DIRECTIONS:
Exactly as they appear below, repeat the lines from the one with "have gt_ge0 : 0 <= g t by exact/ltW/g_pos." through the one with "d x d matrices", and no others.

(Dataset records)
——

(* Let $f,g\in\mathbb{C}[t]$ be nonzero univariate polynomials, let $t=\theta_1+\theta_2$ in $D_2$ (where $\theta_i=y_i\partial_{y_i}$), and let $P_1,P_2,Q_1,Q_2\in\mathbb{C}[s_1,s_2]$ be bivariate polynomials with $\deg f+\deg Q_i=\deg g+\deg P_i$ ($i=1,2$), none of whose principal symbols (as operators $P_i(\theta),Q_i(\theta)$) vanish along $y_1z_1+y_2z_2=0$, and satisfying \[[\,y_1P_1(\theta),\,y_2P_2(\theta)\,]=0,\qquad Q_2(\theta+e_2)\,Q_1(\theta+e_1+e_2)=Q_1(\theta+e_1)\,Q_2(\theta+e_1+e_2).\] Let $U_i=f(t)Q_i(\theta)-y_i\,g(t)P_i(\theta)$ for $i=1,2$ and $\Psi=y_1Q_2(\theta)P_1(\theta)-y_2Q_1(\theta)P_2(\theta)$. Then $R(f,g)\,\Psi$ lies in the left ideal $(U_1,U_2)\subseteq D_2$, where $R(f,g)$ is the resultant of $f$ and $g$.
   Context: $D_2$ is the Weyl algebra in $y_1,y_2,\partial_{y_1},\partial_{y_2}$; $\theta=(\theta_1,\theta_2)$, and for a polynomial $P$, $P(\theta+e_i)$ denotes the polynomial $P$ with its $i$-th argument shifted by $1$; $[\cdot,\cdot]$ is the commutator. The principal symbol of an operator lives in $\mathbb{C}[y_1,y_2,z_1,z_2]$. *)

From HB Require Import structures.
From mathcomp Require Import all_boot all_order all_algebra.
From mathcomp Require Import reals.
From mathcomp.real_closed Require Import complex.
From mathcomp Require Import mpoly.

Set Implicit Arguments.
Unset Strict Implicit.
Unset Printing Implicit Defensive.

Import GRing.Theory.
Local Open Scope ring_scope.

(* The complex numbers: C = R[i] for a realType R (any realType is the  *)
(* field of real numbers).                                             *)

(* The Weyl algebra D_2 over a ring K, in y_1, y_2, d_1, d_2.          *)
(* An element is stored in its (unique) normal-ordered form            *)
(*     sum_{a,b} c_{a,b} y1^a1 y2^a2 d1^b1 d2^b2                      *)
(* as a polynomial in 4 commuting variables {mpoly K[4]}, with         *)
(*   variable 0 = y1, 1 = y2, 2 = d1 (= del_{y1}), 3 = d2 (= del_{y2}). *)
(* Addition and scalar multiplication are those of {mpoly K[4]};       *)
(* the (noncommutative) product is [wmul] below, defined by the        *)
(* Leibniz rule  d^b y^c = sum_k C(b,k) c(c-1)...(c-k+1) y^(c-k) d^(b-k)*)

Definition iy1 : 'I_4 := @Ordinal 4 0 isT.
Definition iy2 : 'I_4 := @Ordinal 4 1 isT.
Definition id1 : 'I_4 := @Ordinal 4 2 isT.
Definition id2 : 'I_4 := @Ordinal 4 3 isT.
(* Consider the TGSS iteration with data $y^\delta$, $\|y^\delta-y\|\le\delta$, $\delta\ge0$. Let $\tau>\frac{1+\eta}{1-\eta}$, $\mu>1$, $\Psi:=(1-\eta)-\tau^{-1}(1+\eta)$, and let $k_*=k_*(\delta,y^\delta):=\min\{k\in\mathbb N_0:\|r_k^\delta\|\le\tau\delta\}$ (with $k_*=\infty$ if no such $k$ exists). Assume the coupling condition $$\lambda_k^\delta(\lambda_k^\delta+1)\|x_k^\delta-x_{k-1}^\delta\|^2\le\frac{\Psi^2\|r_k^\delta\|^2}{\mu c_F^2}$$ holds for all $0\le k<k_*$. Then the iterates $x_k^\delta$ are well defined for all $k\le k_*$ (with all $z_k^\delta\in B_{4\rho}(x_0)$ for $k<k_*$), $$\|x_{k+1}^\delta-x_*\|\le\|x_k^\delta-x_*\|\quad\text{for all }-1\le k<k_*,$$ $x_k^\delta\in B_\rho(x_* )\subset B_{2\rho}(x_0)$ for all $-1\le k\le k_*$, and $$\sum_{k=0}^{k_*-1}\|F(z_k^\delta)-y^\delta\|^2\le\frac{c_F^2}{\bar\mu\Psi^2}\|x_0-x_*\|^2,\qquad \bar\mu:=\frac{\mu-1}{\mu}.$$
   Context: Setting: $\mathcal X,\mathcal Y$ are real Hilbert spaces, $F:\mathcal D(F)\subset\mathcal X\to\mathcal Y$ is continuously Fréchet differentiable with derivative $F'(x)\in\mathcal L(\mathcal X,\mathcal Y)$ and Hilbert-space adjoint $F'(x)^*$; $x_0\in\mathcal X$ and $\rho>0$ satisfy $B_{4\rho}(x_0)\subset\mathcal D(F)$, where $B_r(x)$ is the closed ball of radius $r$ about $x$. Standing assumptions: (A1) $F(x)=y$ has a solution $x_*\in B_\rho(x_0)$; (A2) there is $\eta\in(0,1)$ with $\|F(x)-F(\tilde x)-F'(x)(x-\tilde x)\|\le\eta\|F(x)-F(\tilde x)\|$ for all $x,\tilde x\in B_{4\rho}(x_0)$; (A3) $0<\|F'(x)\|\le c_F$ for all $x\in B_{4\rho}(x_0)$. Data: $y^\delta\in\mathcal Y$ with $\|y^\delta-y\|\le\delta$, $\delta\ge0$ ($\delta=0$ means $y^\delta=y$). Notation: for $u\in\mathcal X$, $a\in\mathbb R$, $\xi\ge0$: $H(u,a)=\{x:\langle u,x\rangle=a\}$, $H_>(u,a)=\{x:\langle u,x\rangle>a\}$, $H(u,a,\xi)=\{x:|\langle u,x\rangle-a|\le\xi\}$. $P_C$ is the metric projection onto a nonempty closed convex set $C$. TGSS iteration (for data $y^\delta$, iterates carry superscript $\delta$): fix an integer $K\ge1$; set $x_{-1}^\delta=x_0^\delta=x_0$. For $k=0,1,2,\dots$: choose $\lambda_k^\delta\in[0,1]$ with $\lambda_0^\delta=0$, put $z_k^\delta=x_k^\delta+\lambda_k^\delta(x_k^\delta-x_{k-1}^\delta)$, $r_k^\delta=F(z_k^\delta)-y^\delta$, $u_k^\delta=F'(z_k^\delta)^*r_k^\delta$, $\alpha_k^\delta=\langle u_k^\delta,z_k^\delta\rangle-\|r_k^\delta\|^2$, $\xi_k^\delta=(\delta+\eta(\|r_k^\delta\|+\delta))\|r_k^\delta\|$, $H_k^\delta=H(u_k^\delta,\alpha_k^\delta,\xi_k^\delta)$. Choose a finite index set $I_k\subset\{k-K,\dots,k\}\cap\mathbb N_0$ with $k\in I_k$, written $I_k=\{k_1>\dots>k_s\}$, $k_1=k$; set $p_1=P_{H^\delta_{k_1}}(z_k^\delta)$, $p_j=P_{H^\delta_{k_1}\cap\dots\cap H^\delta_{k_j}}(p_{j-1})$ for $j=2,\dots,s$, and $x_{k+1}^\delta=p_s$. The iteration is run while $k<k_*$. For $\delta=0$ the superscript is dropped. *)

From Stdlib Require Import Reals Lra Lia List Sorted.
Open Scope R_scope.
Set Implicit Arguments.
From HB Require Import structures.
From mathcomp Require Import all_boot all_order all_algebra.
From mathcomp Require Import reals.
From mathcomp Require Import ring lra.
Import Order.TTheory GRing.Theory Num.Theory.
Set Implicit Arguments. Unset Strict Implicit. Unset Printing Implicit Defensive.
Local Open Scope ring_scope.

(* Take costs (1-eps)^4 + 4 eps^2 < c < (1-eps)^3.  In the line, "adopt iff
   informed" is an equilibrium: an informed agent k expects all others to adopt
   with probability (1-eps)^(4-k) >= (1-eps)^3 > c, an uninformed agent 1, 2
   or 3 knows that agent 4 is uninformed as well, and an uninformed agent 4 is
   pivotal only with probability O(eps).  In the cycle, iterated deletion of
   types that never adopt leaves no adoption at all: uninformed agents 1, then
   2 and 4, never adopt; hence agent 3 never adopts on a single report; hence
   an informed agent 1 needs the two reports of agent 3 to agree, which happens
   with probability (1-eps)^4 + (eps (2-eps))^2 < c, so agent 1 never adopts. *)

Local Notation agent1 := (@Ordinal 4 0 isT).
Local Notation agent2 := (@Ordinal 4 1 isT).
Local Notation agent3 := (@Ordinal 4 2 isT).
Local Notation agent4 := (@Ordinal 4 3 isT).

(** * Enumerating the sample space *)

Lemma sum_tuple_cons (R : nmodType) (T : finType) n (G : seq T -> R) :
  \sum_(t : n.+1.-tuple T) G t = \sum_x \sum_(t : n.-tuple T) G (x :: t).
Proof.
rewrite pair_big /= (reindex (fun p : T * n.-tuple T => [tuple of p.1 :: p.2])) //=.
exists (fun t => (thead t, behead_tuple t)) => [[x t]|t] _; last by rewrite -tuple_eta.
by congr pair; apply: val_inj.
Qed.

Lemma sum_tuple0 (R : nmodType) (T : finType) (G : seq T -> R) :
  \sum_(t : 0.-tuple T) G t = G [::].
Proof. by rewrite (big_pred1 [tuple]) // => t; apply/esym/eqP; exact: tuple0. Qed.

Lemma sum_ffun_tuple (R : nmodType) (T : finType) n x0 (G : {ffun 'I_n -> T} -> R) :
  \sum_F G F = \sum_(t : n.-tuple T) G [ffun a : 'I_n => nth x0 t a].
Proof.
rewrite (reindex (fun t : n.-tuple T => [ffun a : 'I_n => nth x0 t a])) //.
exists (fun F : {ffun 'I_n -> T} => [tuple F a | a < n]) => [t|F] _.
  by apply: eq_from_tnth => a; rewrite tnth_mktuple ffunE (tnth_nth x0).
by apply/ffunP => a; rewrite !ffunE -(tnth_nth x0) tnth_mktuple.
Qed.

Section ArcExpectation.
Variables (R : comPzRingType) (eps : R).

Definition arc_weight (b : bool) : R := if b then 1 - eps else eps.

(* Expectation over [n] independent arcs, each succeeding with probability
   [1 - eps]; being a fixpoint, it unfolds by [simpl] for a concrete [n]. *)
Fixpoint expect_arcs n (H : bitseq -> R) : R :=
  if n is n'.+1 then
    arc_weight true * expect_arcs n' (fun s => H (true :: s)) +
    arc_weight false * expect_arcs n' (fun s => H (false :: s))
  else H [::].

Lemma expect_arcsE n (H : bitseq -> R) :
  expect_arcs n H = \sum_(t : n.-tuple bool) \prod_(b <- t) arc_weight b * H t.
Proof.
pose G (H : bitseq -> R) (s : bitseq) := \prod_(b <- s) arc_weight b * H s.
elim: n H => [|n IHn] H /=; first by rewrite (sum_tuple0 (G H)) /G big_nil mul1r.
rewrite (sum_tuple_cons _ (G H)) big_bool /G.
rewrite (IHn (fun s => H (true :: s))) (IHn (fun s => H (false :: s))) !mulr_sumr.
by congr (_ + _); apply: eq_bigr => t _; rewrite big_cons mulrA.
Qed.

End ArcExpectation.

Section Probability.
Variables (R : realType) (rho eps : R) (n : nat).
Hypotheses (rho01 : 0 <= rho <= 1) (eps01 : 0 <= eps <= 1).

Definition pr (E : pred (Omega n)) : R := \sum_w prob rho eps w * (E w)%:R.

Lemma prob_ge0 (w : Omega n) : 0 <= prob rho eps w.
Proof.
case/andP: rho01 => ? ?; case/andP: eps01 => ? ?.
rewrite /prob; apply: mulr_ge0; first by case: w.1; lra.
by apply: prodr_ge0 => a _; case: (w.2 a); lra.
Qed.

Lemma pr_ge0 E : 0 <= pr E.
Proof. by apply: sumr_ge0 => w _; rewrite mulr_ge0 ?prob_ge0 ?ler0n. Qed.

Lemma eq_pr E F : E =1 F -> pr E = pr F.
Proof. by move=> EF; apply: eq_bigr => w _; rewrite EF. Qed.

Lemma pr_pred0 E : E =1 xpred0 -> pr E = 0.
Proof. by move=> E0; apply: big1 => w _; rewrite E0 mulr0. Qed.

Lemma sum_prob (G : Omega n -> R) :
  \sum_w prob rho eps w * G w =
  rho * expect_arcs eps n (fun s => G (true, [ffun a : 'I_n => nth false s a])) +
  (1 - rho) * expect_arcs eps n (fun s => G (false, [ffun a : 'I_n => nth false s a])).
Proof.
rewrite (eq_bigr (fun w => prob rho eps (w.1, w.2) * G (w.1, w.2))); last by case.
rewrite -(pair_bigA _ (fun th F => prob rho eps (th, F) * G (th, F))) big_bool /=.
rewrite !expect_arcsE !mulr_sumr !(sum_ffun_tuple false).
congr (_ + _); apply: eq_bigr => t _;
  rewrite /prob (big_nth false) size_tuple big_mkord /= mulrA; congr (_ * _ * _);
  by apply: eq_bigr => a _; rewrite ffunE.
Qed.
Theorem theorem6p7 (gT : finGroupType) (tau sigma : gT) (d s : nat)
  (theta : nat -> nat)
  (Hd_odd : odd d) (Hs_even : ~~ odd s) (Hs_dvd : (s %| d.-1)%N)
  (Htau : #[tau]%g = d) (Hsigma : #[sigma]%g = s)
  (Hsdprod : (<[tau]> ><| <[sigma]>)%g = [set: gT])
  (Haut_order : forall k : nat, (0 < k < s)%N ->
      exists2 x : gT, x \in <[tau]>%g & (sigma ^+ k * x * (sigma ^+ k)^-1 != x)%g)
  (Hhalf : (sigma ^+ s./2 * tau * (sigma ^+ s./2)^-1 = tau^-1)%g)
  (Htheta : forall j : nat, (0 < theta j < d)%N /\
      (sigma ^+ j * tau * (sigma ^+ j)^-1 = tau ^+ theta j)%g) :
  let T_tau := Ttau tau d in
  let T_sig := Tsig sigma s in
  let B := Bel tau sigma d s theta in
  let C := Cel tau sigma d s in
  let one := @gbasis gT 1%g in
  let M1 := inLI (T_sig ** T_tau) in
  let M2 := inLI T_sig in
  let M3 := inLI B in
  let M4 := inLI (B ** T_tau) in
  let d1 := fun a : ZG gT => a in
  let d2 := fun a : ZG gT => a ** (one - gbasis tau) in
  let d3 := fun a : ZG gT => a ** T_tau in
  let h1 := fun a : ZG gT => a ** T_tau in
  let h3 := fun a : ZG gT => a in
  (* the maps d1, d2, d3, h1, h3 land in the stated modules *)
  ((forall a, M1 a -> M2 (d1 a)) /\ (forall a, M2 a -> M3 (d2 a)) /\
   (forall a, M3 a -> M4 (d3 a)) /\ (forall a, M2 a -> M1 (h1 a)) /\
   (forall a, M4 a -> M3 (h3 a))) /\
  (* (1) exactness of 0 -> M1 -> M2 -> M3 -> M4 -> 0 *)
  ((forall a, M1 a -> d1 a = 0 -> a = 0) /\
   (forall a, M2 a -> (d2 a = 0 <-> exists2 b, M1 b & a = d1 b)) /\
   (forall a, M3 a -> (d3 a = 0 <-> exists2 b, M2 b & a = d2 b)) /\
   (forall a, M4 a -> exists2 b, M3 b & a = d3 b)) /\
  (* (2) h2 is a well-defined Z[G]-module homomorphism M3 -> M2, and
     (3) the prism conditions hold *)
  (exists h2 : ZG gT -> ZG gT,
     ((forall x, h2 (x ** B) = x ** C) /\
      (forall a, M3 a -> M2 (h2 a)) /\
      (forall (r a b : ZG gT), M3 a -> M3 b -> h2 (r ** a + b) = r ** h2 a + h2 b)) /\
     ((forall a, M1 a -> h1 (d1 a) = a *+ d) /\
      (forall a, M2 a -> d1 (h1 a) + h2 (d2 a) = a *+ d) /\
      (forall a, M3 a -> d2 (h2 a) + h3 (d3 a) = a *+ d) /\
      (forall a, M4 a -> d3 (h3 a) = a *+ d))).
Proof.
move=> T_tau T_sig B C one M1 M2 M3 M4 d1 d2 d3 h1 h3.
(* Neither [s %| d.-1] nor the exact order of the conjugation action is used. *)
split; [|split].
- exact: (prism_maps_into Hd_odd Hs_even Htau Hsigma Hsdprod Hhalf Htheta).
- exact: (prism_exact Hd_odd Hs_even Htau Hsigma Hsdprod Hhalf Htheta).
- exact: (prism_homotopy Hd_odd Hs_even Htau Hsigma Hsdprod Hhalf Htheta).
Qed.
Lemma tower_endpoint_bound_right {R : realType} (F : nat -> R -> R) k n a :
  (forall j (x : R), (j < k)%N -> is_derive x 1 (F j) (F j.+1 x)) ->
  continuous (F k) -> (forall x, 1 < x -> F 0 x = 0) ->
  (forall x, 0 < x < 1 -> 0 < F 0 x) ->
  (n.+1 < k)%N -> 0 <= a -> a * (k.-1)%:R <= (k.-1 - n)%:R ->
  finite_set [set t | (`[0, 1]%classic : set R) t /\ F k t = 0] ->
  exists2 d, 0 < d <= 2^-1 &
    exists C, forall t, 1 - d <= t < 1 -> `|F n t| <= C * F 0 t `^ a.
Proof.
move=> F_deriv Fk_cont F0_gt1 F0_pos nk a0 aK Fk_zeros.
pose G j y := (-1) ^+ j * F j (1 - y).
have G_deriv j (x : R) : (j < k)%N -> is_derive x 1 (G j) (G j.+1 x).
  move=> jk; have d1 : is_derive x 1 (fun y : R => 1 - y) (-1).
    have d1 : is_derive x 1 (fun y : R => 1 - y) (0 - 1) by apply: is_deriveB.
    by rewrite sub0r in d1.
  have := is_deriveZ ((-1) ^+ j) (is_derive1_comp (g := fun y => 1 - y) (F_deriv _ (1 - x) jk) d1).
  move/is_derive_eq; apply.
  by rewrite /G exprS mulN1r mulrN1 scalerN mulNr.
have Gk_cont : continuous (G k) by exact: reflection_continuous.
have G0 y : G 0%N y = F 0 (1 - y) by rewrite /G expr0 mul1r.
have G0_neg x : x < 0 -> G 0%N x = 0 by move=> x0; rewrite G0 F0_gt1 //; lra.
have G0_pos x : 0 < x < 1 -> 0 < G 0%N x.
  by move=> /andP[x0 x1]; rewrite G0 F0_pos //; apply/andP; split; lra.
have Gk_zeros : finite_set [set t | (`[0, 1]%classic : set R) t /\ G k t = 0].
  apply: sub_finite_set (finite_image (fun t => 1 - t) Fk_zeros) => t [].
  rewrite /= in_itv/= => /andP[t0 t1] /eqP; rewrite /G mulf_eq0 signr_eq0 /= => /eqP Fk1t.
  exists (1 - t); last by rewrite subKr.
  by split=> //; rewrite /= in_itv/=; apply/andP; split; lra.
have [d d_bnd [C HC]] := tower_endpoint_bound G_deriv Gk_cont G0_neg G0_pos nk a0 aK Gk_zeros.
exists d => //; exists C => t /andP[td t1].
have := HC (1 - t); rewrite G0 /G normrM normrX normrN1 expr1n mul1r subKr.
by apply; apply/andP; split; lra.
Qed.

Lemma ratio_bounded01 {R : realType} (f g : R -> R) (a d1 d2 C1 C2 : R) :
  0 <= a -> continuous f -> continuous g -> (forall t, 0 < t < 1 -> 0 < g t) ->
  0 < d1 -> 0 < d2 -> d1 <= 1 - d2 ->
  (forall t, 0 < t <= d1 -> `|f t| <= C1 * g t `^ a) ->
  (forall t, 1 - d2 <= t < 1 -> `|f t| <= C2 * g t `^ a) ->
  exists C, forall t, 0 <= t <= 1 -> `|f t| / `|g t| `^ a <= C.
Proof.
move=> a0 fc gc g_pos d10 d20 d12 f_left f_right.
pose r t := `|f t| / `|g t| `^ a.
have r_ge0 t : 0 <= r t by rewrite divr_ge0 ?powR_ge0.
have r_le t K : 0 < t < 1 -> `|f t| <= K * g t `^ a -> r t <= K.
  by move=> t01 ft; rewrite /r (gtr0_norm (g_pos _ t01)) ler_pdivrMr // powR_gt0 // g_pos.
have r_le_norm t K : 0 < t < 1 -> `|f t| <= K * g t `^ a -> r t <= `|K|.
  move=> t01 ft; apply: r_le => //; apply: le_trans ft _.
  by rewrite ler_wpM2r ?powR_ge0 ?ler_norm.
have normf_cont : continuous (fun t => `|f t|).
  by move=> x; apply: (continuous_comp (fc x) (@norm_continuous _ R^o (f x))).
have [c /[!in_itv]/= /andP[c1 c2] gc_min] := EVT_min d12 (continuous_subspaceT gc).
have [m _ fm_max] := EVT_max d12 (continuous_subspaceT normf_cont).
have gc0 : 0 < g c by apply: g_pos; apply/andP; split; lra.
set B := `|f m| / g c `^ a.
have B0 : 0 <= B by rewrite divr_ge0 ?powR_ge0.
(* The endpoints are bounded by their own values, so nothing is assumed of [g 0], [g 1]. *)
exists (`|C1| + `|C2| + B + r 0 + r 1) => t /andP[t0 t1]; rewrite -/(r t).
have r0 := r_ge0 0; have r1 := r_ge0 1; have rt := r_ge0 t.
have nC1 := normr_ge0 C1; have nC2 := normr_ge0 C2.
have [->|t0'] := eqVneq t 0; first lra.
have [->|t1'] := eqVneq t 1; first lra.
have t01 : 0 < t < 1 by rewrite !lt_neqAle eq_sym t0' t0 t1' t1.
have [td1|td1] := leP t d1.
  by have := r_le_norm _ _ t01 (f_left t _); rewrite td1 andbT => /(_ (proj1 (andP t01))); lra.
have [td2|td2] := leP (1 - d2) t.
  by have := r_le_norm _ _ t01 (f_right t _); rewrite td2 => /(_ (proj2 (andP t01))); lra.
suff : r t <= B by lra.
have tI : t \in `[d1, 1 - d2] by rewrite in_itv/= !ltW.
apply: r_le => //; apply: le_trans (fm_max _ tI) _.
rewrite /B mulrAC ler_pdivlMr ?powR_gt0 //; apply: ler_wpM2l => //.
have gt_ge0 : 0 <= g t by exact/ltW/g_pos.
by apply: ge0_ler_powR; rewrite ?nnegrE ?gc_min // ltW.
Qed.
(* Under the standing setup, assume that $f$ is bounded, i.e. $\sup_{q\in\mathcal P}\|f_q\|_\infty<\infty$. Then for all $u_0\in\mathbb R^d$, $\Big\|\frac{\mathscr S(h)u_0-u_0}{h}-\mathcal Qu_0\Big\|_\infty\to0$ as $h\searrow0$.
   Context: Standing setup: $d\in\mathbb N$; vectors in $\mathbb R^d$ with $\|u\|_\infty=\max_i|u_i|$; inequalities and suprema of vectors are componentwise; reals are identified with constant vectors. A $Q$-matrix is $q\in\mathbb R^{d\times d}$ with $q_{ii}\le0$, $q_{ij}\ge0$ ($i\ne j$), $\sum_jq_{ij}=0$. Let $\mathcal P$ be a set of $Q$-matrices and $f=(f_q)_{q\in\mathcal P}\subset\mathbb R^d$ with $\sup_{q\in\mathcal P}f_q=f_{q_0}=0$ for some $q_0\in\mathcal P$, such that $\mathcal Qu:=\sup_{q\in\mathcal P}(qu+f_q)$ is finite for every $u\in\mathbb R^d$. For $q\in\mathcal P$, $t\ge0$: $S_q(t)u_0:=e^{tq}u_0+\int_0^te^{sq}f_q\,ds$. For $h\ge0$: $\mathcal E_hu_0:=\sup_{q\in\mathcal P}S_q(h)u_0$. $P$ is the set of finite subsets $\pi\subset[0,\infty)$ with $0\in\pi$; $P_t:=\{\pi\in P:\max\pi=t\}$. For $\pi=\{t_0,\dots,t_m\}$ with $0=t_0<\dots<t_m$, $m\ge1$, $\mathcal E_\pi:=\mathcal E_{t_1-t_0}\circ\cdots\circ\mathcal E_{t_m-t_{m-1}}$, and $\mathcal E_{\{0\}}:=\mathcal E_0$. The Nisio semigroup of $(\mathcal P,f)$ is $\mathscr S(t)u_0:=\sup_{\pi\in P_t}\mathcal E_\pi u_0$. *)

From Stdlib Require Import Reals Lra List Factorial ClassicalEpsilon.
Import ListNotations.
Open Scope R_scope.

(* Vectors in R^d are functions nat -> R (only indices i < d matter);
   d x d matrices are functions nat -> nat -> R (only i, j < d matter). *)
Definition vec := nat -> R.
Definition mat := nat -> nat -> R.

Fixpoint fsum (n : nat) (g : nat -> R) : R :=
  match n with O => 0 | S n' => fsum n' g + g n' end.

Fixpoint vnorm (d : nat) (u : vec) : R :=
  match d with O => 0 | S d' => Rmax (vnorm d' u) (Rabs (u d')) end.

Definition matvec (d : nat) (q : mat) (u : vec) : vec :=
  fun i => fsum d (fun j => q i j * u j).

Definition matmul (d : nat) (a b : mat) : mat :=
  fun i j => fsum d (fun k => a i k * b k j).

——

THE COMPLETED TASK:
have gt_ge0 : 0 <= g t by exact/ltW/g_pos.
by apply: ge0_ler_powR; rewrite ?nnegrE ?gc_min // ltW.
Qed.
(* Under the standing setup, assume that $f$ is bounded, i.e. $\sup_{q\in\mathcal P}\|f_q\|_\infty<\infty$. Then for all $u_0\in\mathbb R^d$, $\Big\|\frac{\mathscr S(h)u_0-u_0}{h}-\mathcal Qu_0\Big\|_\infty\to0$ as $h\searrow0$.
   Context: Standing setup: $d\in\mathbb N$; vectors in $\mathbb R^d$ with $\|u\|_\infty=\max_i|u_i|$; inequalities and suprema of vectors are componentwise; reals are identified with constant vectors. A $Q$-matrix is $q\in\mathbb R^{d\times d}$ with $q_{ii}\le0$, $q_{ij}\ge0$ ($i\ne j$), $\sum_jq_{ij}=0$. Let $\mathcal P$ be a set of $Q$-matrices and $f=(f_q)_{q\in\mathcal P}\subset\mathbb R^d$ with $\sup_{q\in\mathcal P}f_q=f_{q_0}=0$ for some $q_0\in\mathcal P$, such that $\mathcal Qu:=\sup_{q\in\mathcal P}(qu+f_q)$ is finite for every $u\in\mathbb R^d$. For $q\in\mathcal P$, $t\ge0$: $S_q(t)u_0:=e^{tq}u_0+\int_0^te^{sq}f_q\,ds$. For $h\ge0$: $\mathcal E_hu_0:=\sup_{q\in\mathcal P}S_q(h)u_0$. $P$ is the set of finite subsets $\pi\subset[0,\infty)$ with $0\in\pi$; $P_t:=\{\pi\in P:\max\pi=t\}$. For $\pi=\{t_0,\dots,t_m\}$ with $0=t_0<\dots<t_m$, $m\ge1$, $\mathcal E_\pi:=\mathcal E_{t_1-t_0}\circ\cdots\circ\mathcal E_{t_m-t_{m-1}}$, and $\mathcal E_{\{0\}}:=\mathcal E_0$. The Nisio semigroup of $(\mathcal P,f)$ is $\mathscr S(t)u_0:=\sup_{\pi\in P_t}\mathcal E_\pi u_0$. *)

From Stdlib Require Import Reals Lra List Factorial ClassicalEpsilon.
Import ListNotations.
Open Scope R_scope.

(* Vectors in R^d are functions nat -> R (only indices i < d matter);
   d x d matrices are functions nat -> nat -> R (only i, j < d matter). *)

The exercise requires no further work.